╔══
Lemma card_det_fiber (u : Z2) (m c h d k X H : Z) :
  u <> (0, 0) -> 1 <= h -> 1 <= k -> 1 <= X ->
  (X <= Z.abs (fst (prim u)) /\ H = h) \/ (X <= Z.abs (snd (prim u)) /\ H = k) ->
  card_leZ (fun v => in_box c h d k v /\ det u v = m) (window_points H X).
Proof.
  intros Hu Hh Hk HX HH. destruct (det_eq_progression u Hu) as [tau Htau].
  destruct HH as [[Hw ->]|[Hw ->]];
    apply card_leZ_progression with (w := prim u) (tau := tau); auto;
    try (intros v0 v [_ e0] [_ e]; apply Htau; congruence);
    [left|right]; split; auto; unfold in_box, in_window;
    intros v0 v [[] _] [[] _]; lia.
Qed.

Lemma card_prim_fiber (w : Z2) (c h d k X H : Z) : 1 <= h -> 1 <= k -> 1 <= X ->
  (X <= Z.abs (fst w) /\ H = h) \/ (X <= Z.abs (snd w) /\ H = k) ->
  card_leZ (fun u => (in_box c h d k u /\ u <> (0, 0)) /\ prim u = w) (window_points H X).
Proof.
  intros Hh Hk HX HH.
  assert (Hp : forall u0 u, (in_box c h d k u0 /\ u0 <> (0, 0)) /\ prim u0 = w ->
      (in_box c h d k u /\ u <> (0, 0)) /\ prim u = w ->
      fst u - fst u0 = (gcd2 u - gcd2 u0) * fst w /\
      snd u - snd u0 = (gcd2 u - gcd2 u0) * snd w).
  { intros u0 u [[_ H0] <-] [[_ H1] Hw].
    destruct (prim_spec u0 H0) as [_ [f1 [f2 _]]].
    destruct (prim_spec u H1) as [_ [g1 [g2 _]]]. rewrite Hw in g1, g2. lia. }
  destruct HH as [[Hw ->]|[Hw ->]];
    apply card_leZ_progression with (w := w) (tau := fun u0 u => gcd2 u - gcd2 u0); auto;
    [left|right]; split; auto; unfold in_box, in_window;
    intros v0 v [[[] _] _] [[[] _] _]; lia.
Qed.

Lemma pow2_ge1 (l : Z) : 0 <= l -> 1 <= 2 ^ l.
Proof. intro Hl. pose proof (Z.pow_pos_nonneg 2 l ltac:(lia) Hl). lia. Qed.

Lemma pow2_le (a b : Z) : a <= b -> 2 ^ a <= 2 ^ b.
Proof. intro Hab. apply Z.pow_le_mono_r; lia. Qed.

Definition level (a : Z) : Z := Z.log2_up (a + 1).

Lemma level_spec (a : Z) : 0 <= a ->
  0 <= level a /\ a < 2 ^ level a /\ (level a = 0 -> a = 0) /\
  forall l, 1 <= l <= level a -> 2 ^ (l - 1) <= a.
Proof.
  intro Ha. unfold level. pose proof (Z.log2_up_nonneg (a + 1)) as H0.
  destruct (Z.eq_dec a 0) as [->|Hne].
  - change (Z.log2_up (0 + 1)) with 0.
    split; [lia|]. split; [reflexivity|]. split; [reflexivity|lia].
  - destruct (Z.log2_up_spec (a + 1) ltac:(lia)) as [Hlo Hhi].
    rewrite <- Z.sub_1_r in Hlo.
    split; [lia|]. split; [lia|]. split.
    + intro Hl. rewrite Hl in Hhi. simpl in Hhi. lia.
    + intros l Hl. pose proof (pow2_le (l - 1) (Z.log2_up (a + 1) - 1) ltac:(lia)). lia.
Qed.

Definition levels (w : Z2) : Z2 := (level (Z.abs (fst w)), level (Z.abs (snd w))).

Lemma levels_nonneg (w : Z2) : 0 <= fst (levels w) /\ 0 <= snd (levels w).
Proof.
  destruct (level_spec (Z.abs (fst w)) ltac:(lia)) as [H1 _].
  destruct (level_spec (Z.abs (snd w)) ltac:(lia)) as [H2 _]. split; assumption.
Qed.

Lemma levels_neq0 (w : Z2) : w <> (0, 0) -> 1 <= fst (levels w) \/ 1 <= snd (levels w).
Proof.
  intro Hw. destruct (level_spec (Z.abs (fst w)) ltac:(lia)) as [H1 [_ [E1 _]]].
  destruct (level_spec (Z.abs (snd w)) ltac:(lia)) as [H2 [_ [E2 _]]]. simpl.
  destruct (Z.eq_dec (level (Z.abs (fst w))) 0) as [Z1|]; [|lia].
  destruct (Z.eq_dec (level (Z.abs (snd w))) 0) as [Z2|]; [|lia].
  exfalso. apply Hw. specialize (E1 Z1). specialize (E2 Z2). destruct w; simpl in *; f_equal; lia.
Qed.

(* [G] bounds a progression whose step has a coordinate of level at least [l1] (resp. [l2]),
   counted in a window of length [h] along the first (resp. [k] along the second) axis. *)
Definition level_bound (l1 l2 h k G : Z) : Prop :=
  (1 <= l1 /\ G = window_points h (2 ^ (l1 - 1))) \/
  (1 <= l2 /\ G = window_points k (2 ^ (l2 - 1))).

Lemma window_points_ge1 (h X : Z) : 1 <= h -> 1 <= X -> 1 <= window_points h X.
Proof.
  intros Hh HX. unfold window_points. pose proof (Z.div_pos (h - 1) X ltac:(lia) ltac:(lia)). lia.
Qed.

Lemma window_points_small (h X : Z) : 1 <= h <= X -> window_points h X = 1.
Proof. intro Hh. unfold window_points. rewrite Z.div_small; lia. Qed.

Lemma level_bound_ge1 (l1 l2 h k G : Z) : 1 <= h -> 1 <= k -> level_bound l1 l2 h k G -> 1 <= G.
Proof.
  intros Hh Hk [[Hl ->]|[Hl ->]]; apply window_points_ge1; auto; apply pow2_ge1; lia.
Qed.

Lemma level_bound_step (w : Z2) (l1 l2 h k G : Z) :
  l1 <= fst (levels w) -> l2 <= snd (levels w) -> level_bound l1 l2 h k G ->
  exists X H, 1 <= X /\ G = window_points H X /\
    ((X <= Z.abs (fst w) /\ H = h) \/ (X <= Z.abs (snd w) /\ H = k)).
Proof.
  unfold levels; cbn [fst snd]. intros H1 H2 [[Hl ->]|[Hl ->]].
  - exists (2 ^ (l1 - 1)), h. split; [apply pow2_ge1; lia|]. split; [reflexivity|].
    left. split; [|reflexivity]. apply (level_spec (Z.abs (fst w))); lia.
  - exists (2 ^ (l2 - 1)), k. split; [apply pow2_ge1; lia|]. split; [reflexivity|].
    right. split; [|reflexivity]. apply (level_spec (Z.abs (snd w))); lia.
Qed.

Definition levels_card (l1 l2 : Z) : Z := (2 * 2 ^ l1 - 1) * (2 * 2 ^ l2 - 1).

Lemma card_levels (l1 l2 : Z) : 0 <= l1 -> 0 <= l2 ->
  card_leZ (fun w => levels w = (l1, l2)) (levels_card l1 l2).
Proof.
  intros H1 H2. pose proof (pow2_ge1 l1 H1). pose proof (pow2_ge1 l2 H2).
  eapply card_leZ_mono;
    [|apply (card_leZ_box (1 - 2 ^ l1) (2 * 2 ^ l1 - 1) (1 - 2 ^ l2) (2 * 2 ^ l2 - 1)); lia
     |reflexivity].
  intros w Hw. unfold levels in Hw. injection Hw as E1 E2.
  destruct (level_spec (Z.abs (fst w)) ltac:(lia)) as [_ [B1 _]].
  destruct (level_spec (Z.abs (snd w)) ltac:(lia)) as [_ [B2 _]].
  rewrite E1 in B1. rewrite E2 in B2. unfold in_box, in_window. lia.
Qed.

(** * Pairs with prescribed determinant *)

Section DetPairs.

Variables (c1 h1 d1 k1 c2 h2 d2 k2 m : Z).
Hypotheses (Hh1 : 1 <= h1) (Hk1 : 1 <= k1) (Hh2 : 1 <= h2) (Hk2 : 1 <= k2).

Definition det_pairs (p : Z2 * Z2) : Prop :=
  (in_box c1 h1 d1 k1 (fst p) /\ fst p <> (0, 0)) /\
  in_box c2 h2 d2 k2 (snd p) /\ det (fst p) (snd p) = m.

Lemma card_det_pairs_by_first (P : Z2 * Z2 -> Prop) (U : Z2 -> Prop) (a b : Z) : 0 <= b ->
  (forall p, P p -> det_pairs p /\ U (fst p)) -> card_leZ U a ->
  (forall u, U u -> u <> (0, 0) -> card_leZ (fun v => in_box c2 h2 d2 k2 v /\ det u v = m) b) ->
  card_leZ P (a * b).
Proof.
  intros Hb HP Ha Hfib. apply card_leZ_fibers with (f := @fst Z2 Z2); [exact Hb| |].
  - eapply card_leZ_mono; [|exact Ha|lia]. intros u [p [Hp <-]]. apply HP, Hp.
  - intro u. destruct (classic (U u /\ u <> (0, 0))) as [[Hu Hu0]|Hnot].
    + apply (card_leZ_inj _ (fun v => in_box c2 h2 d2 k2 v /\ det u v = m) (@snd Z2 Z2));
        [| |apply Hfib; assumption].
      * intros [x1 x2] [y1 y2] [_ e1] [_ e2] e. simpl in *. congruence.
      * intros p [Hp <-]. apply HP, Hp.
    + apply card_leZ_empty; [exact Hb|]. intros p [Hp <-]. apply Hnot.
      destruct (HP p Hp) as [[[_ Hu0] _] Hu]. auto.
Qed.

Lemma card_level_class (l1 l2 G F : Z) : 0 <= l1 -> 0 <= l2 ->
  level_bound l1 l2 h1 k1 G -> level_bound l1 l2 h2 k2 F ->
  card_leZ (fun p => det_pairs p /\ levels (prim (fst p)) = (l1, l2))
    (Z.min (h1 * k1) (levels_card l1 l2 * G) * F).
Proof.
  intros Hl1 Hl2 HG HF.
  set (U u := (in_box c1 h1 d1 k1 u /\ u <> (0, 0)) /\ levels (prim u) = (l1, l2)).
  apply card_det_pairs_by_first with (U := U).
  - pose proof (level_bound_ge1 _ _ _ _ _ Hh2 Hk2 HF). lia.
  - intros p [[Hp Hv] Hl]. split; [split; assumption|]. split; assumption.
  - apply card_leZ_min.
    + eapply card_leZ_mono; [|apply (card_leZ_box c1 h1 d1 k1); lia|lia].
      intros u [[Hu _] _]. exact Hu.
    + apply card_leZ_fibers with (f := prim).
      * pose proof (level_bound_ge1 _ _ _ _ _ Hh1 Hk1 HG). lia.
      * eapply card_leZ_mono; [|apply (card_levels l1 l2); assumption|lia].
        intros w [u [[_ Hu] <-]]. exact Hu.
      * intro w. destruct (classic (exists u, U u /\ prim u = w)) as [[u0 [[_ Hw] <-]]|Hnone].
        -- destruct (level_bound_step (prim u0) l1 l2 h1 k1 G) as [X [H [HX [-> HH]]]];
             try (rewrite Hw; simpl; lia); [exact HG|].
           eapply card_leZ_mono;
             [|apply (card_prim_fiber (prim u0) c1 h1 d1 k1 X H); assumption|lia].
           intros u [[Hu _] Hp]. split; assumption.
        -- apply card_leZ_empty; [pose proof (level_bound_ge1 _ _ _ _ _ Hh1 Hk1 HG); lia|].
           intros u Hu. apply Hnone. eauto.
  - intros u [_ Hl] Hu0.
    destruct (level_bound_step (prim u) l1 l2 h2 k2 F) as [X [H [HX [-> HH]]]];
      try (rewrite Hl; simpl; lia); [exact HF|].
    apply card_det_fiber; assumption.
Qed.

(* Beyond the caps the step of the progression [det u v = m] is at least the width of the
   second box, so each [u] has at most one partner [v]. *)
Lemma card_top_levels (K1 K2 : Z) : 1 <= K1 -> 1 <= K2 ->
  h2 <= 2 ^ (K1 - 1) -> k2 <= 2 ^ (K2 - 1) ->
  card_leZ (fun p => det_pairs p /\
      (K1 <= fst (levels (prim (fst p))) \/ K2 <= snd (levels (prim (fst p))))) (h1 * k1).
Proof.
  intros HK1 HK2 HKh HKk. rewrite <- (Z.mul_1_r (h1 * k1)).
  set (U u := in_box c1 h1 d1 k1 u /\
      (K1 <= fst (levels (prim u)) \/ K2 <= snd (levels (prim u)))).
  apply card_det_pairs_by_first with (U := U); [lia| | |].
  - intros p [[[Hp Hu0] Hv] Hl]. exact (conj (conj (conj Hp Hu0) Hv) (conj Hp Hl)).
  - eapply card_leZ_mono; [|apply (card_leZ_box c1 h1 d1 k1); lia|lia]. intros u [Hu _]. exact Hu.
  - intros u [_ Hl] Hu0. pose proof (levels_nonneg (prim u)) as [N1 N2].
    destruct Hl as [Hl|Hl].
    + destruct (level_bound_step (prim u) K1 0 h2 k2 1) as [X [H [HX [-> HH]]]]; try lia.
      * left. split; [lia|]. symmetry. apply window_points_small. lia.
      * apply card_det_fiber; assumption.
    + destruct (level_bound_step (prim u) 0 K2 h2 k2 1) as [X [H [HX [-> HH]]]]; try lia.
      * right. split; [lia|]. symmetry. apply window_points_small. lia.
      * apply card_det_fiber; assumption.
Qed.

Definition capped_levels (K1 K2 : Z) (w : Z2) : Z2 :=
  (Z.min (fst (levels w)) K1, Z.min (snd (levels w)) K2).

Lemma capped_levels_eq (K1 K2 y1 y2 : Z) (w : Z2) : capped_levels K1 K2 w = (y1, y2) ->
  Z.min (fst (levels w)) K1 = y1 /\ Z.min (snd (levels w)) K2 = y2.
Proof.
  intro Hy. split; [apply (f_equal fst) in Hy | apply (f_equal snd) in Hy]; exact Hy.
Qed.

Lemma card_det_pairs (K1 K2 M : Z) : 1 <= K1 -> 1 <= K2 ->
  h2 <= 2 ^ (K1 - 1) -> k2 <= 2 ^ (K2 - 1) -> h1 * k1 <= M ->
  (forall l1 l2, 0 <= l1 < K1 -> 0 <= l2 < K2 -> 1 <= l1 \/ 1 <= l2 ->
     exists G F, level_bound l1 l2 h1 k1 G /\ level_bound l1 l2 h2 k2 F /\
       Z.min (h1 * k1) (levels_card l1 l2 * G) * F <= M) ->
  card_leZ det_pairs ((K1 + 1) * (K2 + 1) * M).
Proof.
  intros HK1 HK2 HKh HKk HM Hclass.
  apply card_leZ_fibers with (f := fun p => capped_levels K1 K2 (prim (fst p))); [nia| |].
  - eapply card_leZ_mono; [|apply (card_leZ_box 0 (K1 + 1) 0 (K2 + 1)); lia|lia].
    intros y [p [_ <-]]. pose proof (levels_nonneg (prim (fst p))).
    unfold in_box, in_window, capped_levels; cbn [fst snd]. lia.
  - intros [y1 y2].
    destruct (classic (exists p, det_pairs p /\ capped_levels K1 K2 (prim (fst p)) = (y1, y2)))
      as [[p0 [[[_ Hu0] _] Hy]]|Hnone].
    2: { apply card_leZ_empty; [nia|]. intros p Hp. apply Hnone. eauto. }
    apply capped_levels_eq in Hy as [E1 E2].
    pose proof (levels_nonneg (prim (fst p0))).
    pose proof (levels_neq0 _ (prim_neq0 _ Hu0)).
    destruct (Z_lt_le_dec y1 K1) as [L1|L1]; [destruct (Z_lt_le_dec y2 K2) as [L2|L2]|].
    + destruct (Hclass y1 y2) as [G [F [HG [HF HGF]]]]; try lia.
      eapply card_leZ_mono; [|apply (card_level_class y1 y2 G F); auto; lia|exact HGF].
      intros p [Hp Hc]. split; [exact Hp|]. apply capped_levels_eq in Hc as [C1 C2].
      destruct (levels (prim (fst p))) as [a b]. cbn [fst snd] in *. f_equal; lia.
    + eapply card_leZ_mono; [|apply (card_top_levels K1 K2); auto|exact HM].
      intros p [Hp Hc]. split; [exact Hp|]. apply capped_levels_eq in Hc. lia.
    + eapply card_leZ_mono; [|apply (card_top_levels K1 K2); auto|exact HM].
      intros p [Hp Hc]. split; [exact Hp|]. apply capped_levels_eq in Hc. lia.
Qed.

End DetPairs.

Lemma window_points_mul_le (h X : Z) : 1 <= X <= h -> X * window_points h X <= 3 * h.
Proof.
  intro HX. unfold window_points. pose proof (Z.mul_div_le (h - 1) X ltac:(lia)). lia.
Qed.

Lemma pow2_pred (l : Z) : 1 <= l -> 2 ^ l = 2 * 2 ^ (l - 1).
Proof. intro Hl. rewrite <- Z.pow_succ_r by lia. f_equal. lia. Qed.

Lemma levels_card_le (l1 l2 : Z) : 0 <= l1 -> 0 <= l2 ->
  0 <= levels_card l1 l2 <= 4 * 2 ^ l1 * 2 ^ l2.
Proof.
  intros H1 H2. pose proof (pow2_ge1 l1 H1). pose proof (pow2_ge1 l2 H2).
  unfold levels_card. nia.
Qed.

Lemma product_le (W G F X c a b : Z) : 0 <= X -> 0 <= G -> 0 <= F -> 0 <= c ->
  W <= c * X * X -> X * G <= a -> X * F <= b -> W * G * F <= c * a * b.
Proof.
  intros HX HG HF Hc HW Ha Hb.
  assert (H1 : W * (G * F) <= c * X * X * (G * F)) by (apply Z.mul_le_mono_nonneg_r; nia).
  assert (H2 : X * G * (X * F) <= a * b) by (apply Z.mul_le_mono_nonneg; nia).
  assert (H3 : c * (X * G * (X * F)) <= c * (a * b)) by (apply Z.mul_le_mono_nonneg_l; lia).
  nia.
Qed.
╚══
◆ **Task statement**:
When you reach the line holding "apply card_det_pairs_by_first with (U := U)." in the records above, begin reproducing exactly, stop after the line holding "intros w [u [[_ Hu] <-]]. exact Hu.", and output nothing else.

◆ **Answer to this task**:
  apply card_det_pairs_by_first with (U := U).
  - pose proof (level_bound_ge1 _ _ _ _ _ Hh2 Hk2 HF). lia.
  - intros p [[Hp Hv] Hl]. split; [split; assumption|]. split; assumption.
  - apply card_leZ_min.
    + eapply card_leZ_mono; [|apply (card_leZ_box c1 h1 d1 k1); lia|lia].
      intros u [[Hu _] _]. exact Hu.
    + apply card_leZ_fibers with (f := prim).
      * pose proof (level_bound_ge1 _ _ _ _ _ Hh1 Hk1 HG). lia.
      * eapply card_leZ_mono; [|apply (card_levels l1 l2); assumption|lia].
        intros w [u [[_ Hu] <-]]. exact Hu.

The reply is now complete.